Data records:
+ + + +

(* Let $d\ge2$, let $A,B$ be $d$-dimensional systems, let $\Phi=|\phi\rangle\langle\phi|$ with $|\phi\rangle=\frac1{\sqrt d}\sum_{i=1}^d|i\rangle_A|i\rangle_B$, and for $0\le\lambda\le1$ let $\rho_{AB}=\lambda\Phi+\frac{1-\lambda}{d^2-1}(\mathbb I-\Phi)$ (an isotropic state). Then $$Q^A_{\mathcal N}(\rho_{AB})=Q^{AB}_{\mathcal N}(\rho_{AB})=\frac{|\lambda d^2-1|}{2(d+1)}.$$
   Context: The negativity of a bipartite state $\tau_{X:Y}$ is $\mathcal N_{X:Y}(\tau)=(\|\tau^\Gamma\|_1-1)/2$ with $\tau^\Gamma$ the partial transpose on one party and $\|\cdot\|_1$ the trace norm. For a system $S$ of dimension $m$ with orthonormal basis $\{|s_k\rangle\}$, the measurement interaction is the isometry $V_S:S\to S\otimes S'$ ($S'$ $m$-dimensional with computational basis $\{|k\rangle\}$), $V_S|s_k\rangle=|s_k\rangle|k\rangle$. One-sided negativity of quantumness: $Q^A_{\mathcal N}(\rho_{AB})=\min\mathcal N_{AB:A'}\big((V_A\otimes\mathbb I_B)\rho_{AB}(V_A\otimes\mathbb I_B)^\dagger\big)$ over orthonormal bases of $A$. Two-sided: $Q^{AB}_{\mathcal N}(\rho_{AB})=\min\mathcal N_{AB:A'B'}\big((V_A\otimes V_B)\rho_{AB}(V_A\otimes V_B)^\dagger\big)$ over orthonormal bases of $A$ and $B$. *)

From HB Require Import structures.
From mathcomp Require Import all_boot all_order all_algebra.
From mathcomp Require Import mxtens complex.
From mathcomp Require Import reals.

Set Implicit Arguments.
Unset Strict Implicit.
Unset Printing Implicit Defensive.

Import Order.TTheory GRing.Theory Num.Theory.
Local Open Scope ring_scope.

Section QuantumDefs.
Variable C : numClosedFieldType.

Definition adjmx m n (M : 'M[C]_(m, n)) : 'M[C]_(n, m) := (map_mx Num.conj M)^T.

Definition ket d (k : 'I_d) : 'cV[C]_d := delta_mx k 0.

Definition poly_roots (p : {poly C}) : seq C := sval (closed_field_poly_normal p).

(* trace norm: sum of the singular values, i.e. of the square roots of the
   eigenvalues (with algebraic multiplicity) of M^dagger M *)
Definition trnorm n (M : 'M[C]_n) : C :=
  \sum_(z <- poly_roots (char_poly (adjmx M *m M))) sqrtC z.

Definition orthonormal m (s : 'I_m -> 'cV[C]_m) : Prop :=
  forall j k, adjmx (s j) *m s k = (j == k)%:R%:M.

(* measurement isometry V_S : S -> S (x) S',  V_S |s_k> = |s_k>|k> *)
Definition measV m (s : 'I_m -> 'cV[C]_m) : 'M[C]_(m * m, m) :=
  \sum_(k < m) (s k *t ket k) *m adjmx (s k).

(* one-sided: state on (A (x) A') (x) B ; partial transpose on A' (middle) *)
Definition ptrans_mid a b c (M : 'M[C]_((a * b) * c)) : 'M[C]_((a * b) * c) :=
  \matrix_(i, j)
    let: (i1, ib) := mxtens_unindex i in let: (ia, ix) := mxtens_unindex i1 in
    let: (j1, jb) := mxtens_unindex j in let: (ja, jx) := mxtens_unindex j1 in
    M (mxtens_index (mxtens_index (ia, jx), ib))
      (mxtens_index (mxtens_index (ja, ix), jb)).

(* two-sided: state on (A (x) A') (x) (B (x) B') ; partial transpose on A'B' *)
Definition ptrans_24 a b c e (M : 'M[C]_((a * b) * (c * e))) : 'M[C]_((a * b) * (c * e)) :=
  \matrix_(i, j)
    let: (i1, i2) := mxtens_unindex i in
    let: (ia, ix) := mxtens_unindex i1 in let: (ib, iy) := mxtens_unindex i2 in
    let: (j1, j2) := mxtens_unindex j in
    let: (ja, jx) := mxtens_unindex j1 in let: (jb, jy) := mxtens_unindex j2 in
    M (mxtens_index (mxtens_index (ia, jx), mxtens_index (ib, jy)))
      (mxtens_index (mxtens_index (ja, ix), mxtens_index (jb, iy))).

Definition negA d (s : 'I_d -> 'cV[C]_d) (rho : 'M[C]_(d * d)) : C :=
  let W := measV s *t (1%:M : 'M[C]_d) in
  (trnorm (ptrans_mid (W *m rho *m adjmx W)) - 1) / 2.

Definition negAB d (sA sB : 'I_d -> 'cV[C]_d) (rho : 'M[C]_(d * d)) : C :=
  let W := measV sA *t measV sB in
  (trnorm (ptrans_24 (W *m rho *m adjmx W)) - 1) / 2.

Definition is_min T (P : T -> Prop) (f : T -> C) (q : C) : Prop :=
  (exists2 x, P x & f x = q) /\ (forall x, P x -> q <= f x).

Definition is_QA d (rho : 'M[C]_(d * d)) (q : C) : Prop :=
  is_min (@orthonormal d) (fun s => negA s rho) q.

Definition is_QAB d (rho : 'M[C]_(d * d)) (q : C) : Prop :=
  is_min (fun s : ('I_d -> 'cV[C]_d) * ('I_d -> 'cV[C]_d) =>
            orthonormal s.1 /\ orthonormal s.2)
         (fun s => negAB s.1 s.2 rho) q.

Definition max_ent d : 'M[C]_(d * d, 1 * 1) :=
  (sqrtC d%:R)^-1 *: \sum_(i < d) (ket i *t ket i).

Definition Phi d : 'M[C]_(d * d) := max_ent d *m adjmx (max_ent d).

Definition isotropic d (lam : C) : 'M[C]_(d * d) :=
  lam *: Phi d + ((1 - lam) / (d ^ 2 - 1)%:R) *: (1%:M - Phi d).

End QuantumDefs.
Lemma equilibrium_attractive : attractive Rr eps (fm0 es) (fm2 es) es.
Proof.
  exists (1/2000000). split; [lra |].
  intros x0 x1 x2 Hglob Hd0 e He.
  destruct (lyap_small_at_some_start x0 x1 x2 1 1 (1/2000000) (1/400) (Hglob 1 ltac:(lra))
              ltac:(lra) ltac:(lra) ltac:(lra) Hd0) as [c [Hc HLc]].
  (* the decay factor 1 + eps (t - c) exceeds 2 / e^2 after time c + 2 / (eps e^2) *)
  assert (He2 : 0 < e^2) by (apply pow_lt; exact He).
  exists (c + 2 / (eps * e^2)). intros t Ht.
  assert (Hk : 2 <= eps * (t - c) * e^2).
  { assert (Hq : 2 / (eps * e^2) <= t - c) by lra.
    apply (Rmult_le_compat_l (eps * e^2)) in Hq; [| nra].
    replace (eps * e^2 * (2 / (eps * e^2))) with 2 in Hq by (field; lra). nra. }
  assert (Htpos : 0 < t - c).
  { assert (0 < 2 / (eps * e^2)) by (apply Rdiv_lt_0_compat; nra). lra. }
  pose proof (lyap_decay x0 x1 x2 (t + 1) c (Hglob (t + 1) ltac:(lra)) ltac:(lra) HLc t ltac:(lra)) as Hdecay.
  pose proof (lyap_nonneg (x0 t) (x1 t) (x2 t)).
  assert (0 <= eps * (t - c)) by (apply Rmult_le_pos; lra).
  assert (HL : lyap (x0 t) (x1 t) (x2 t) < 1/400) by nra.
  pose proof (sqdist_eq_le_lyap (x0 t) (x1 t) (x2 t) HL).
  set (L := lyap (x0 t) (x1 t) (x2 t)) in *.
  assert (800 * L < e^2) by nra.
  apply dist3_lt; [exact He |]. unfold sqdist_eq in *. lra.
Qed.

End Dynamics.

Lemma equilibrium_at_root Rr eps : is_equilibrium Rr eps (fm0 es) (fm2 es) es.
Proof.
  assert (Hlt : es < rho) by (unfold rho; lra).
  unfold is_equilibrium, V_T0, V_T2, V_eta, f0, f2.
  destruct (Rlt_dec es rho) as [_ | Hn]; [| lra].
  unfold slow_drift, Tc in *. repeat split; try ring. rewrite Rminus_0_r, es_root. ring.
Qed.

End Equilibrium.

Theorem proposition4 :
  forall Rr : R, 0 < Rr ->
  exists eps0 : R, 0 < eps0 /\
    forall eps : R, 0 < eps < eps0 ->
      exists T0s T2s etas : R,
        0 < etas < rho /\
        asymptotically_stable_equilibrium Rr eps T0s T2s etas.
Proof.
  intros Rr HR.
  destruct slow_drift_root as [es [Hes Hroot]].
  assert (HB : 0 < Bc / Rr) by (apply Rdiv_lt_0_compat; [unfold Bc; lra | exact HR]).
  exists (Bc / Rr / 10^6). split; [lra |].
  intros eps [Heps Heps0].
  assert (Hsmall : 10^6 * eps <= Bc / Rr) by lra.
  exists (fm0 es), (fm2 es), es. split; [unfold rho; lra |].
  split; [| split].
  - exact (equilibrium_at_root es Hes Hroot Rr eps).
  - exact (equilibrium_lyapunov_stable es Hes Hroot Rr eps HR Heps Hsmall).
  - exact (equilibrium_attractive es Hes Hroot Rr eps HR Heps Hsmall).
Qed.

+ + + +

Required work:
Above are the records. Print exactly, and only, the lines from the line with "M))) sqrtC z." to the line with "(* one-sided: state", both inclusive.

Expected answer:
  \sum_(z <- poly_roots (char_poly (adjmx M *m M))) sqrtC z.

Definition orthonormal m (s : 'I_m -> 'cV[C]_m) : Prop :=
  forall j k, adjmx (s j) *m s k = (j == k)%:R%:M.

(* measurement isometry V_S : S -> S (x) S',  V_S |s_k> = |s_k>|k> *)
Definition measV m (s : 'I_m -> 'cV[C]_m) : 'M[C]_(m * m, m) :=
  \sum_(k < m) (s k *t ket k) *m adjmx (s k).

(* one-sided: state on (A (x) A') (x) B ; partial transpose on A' (middle) *)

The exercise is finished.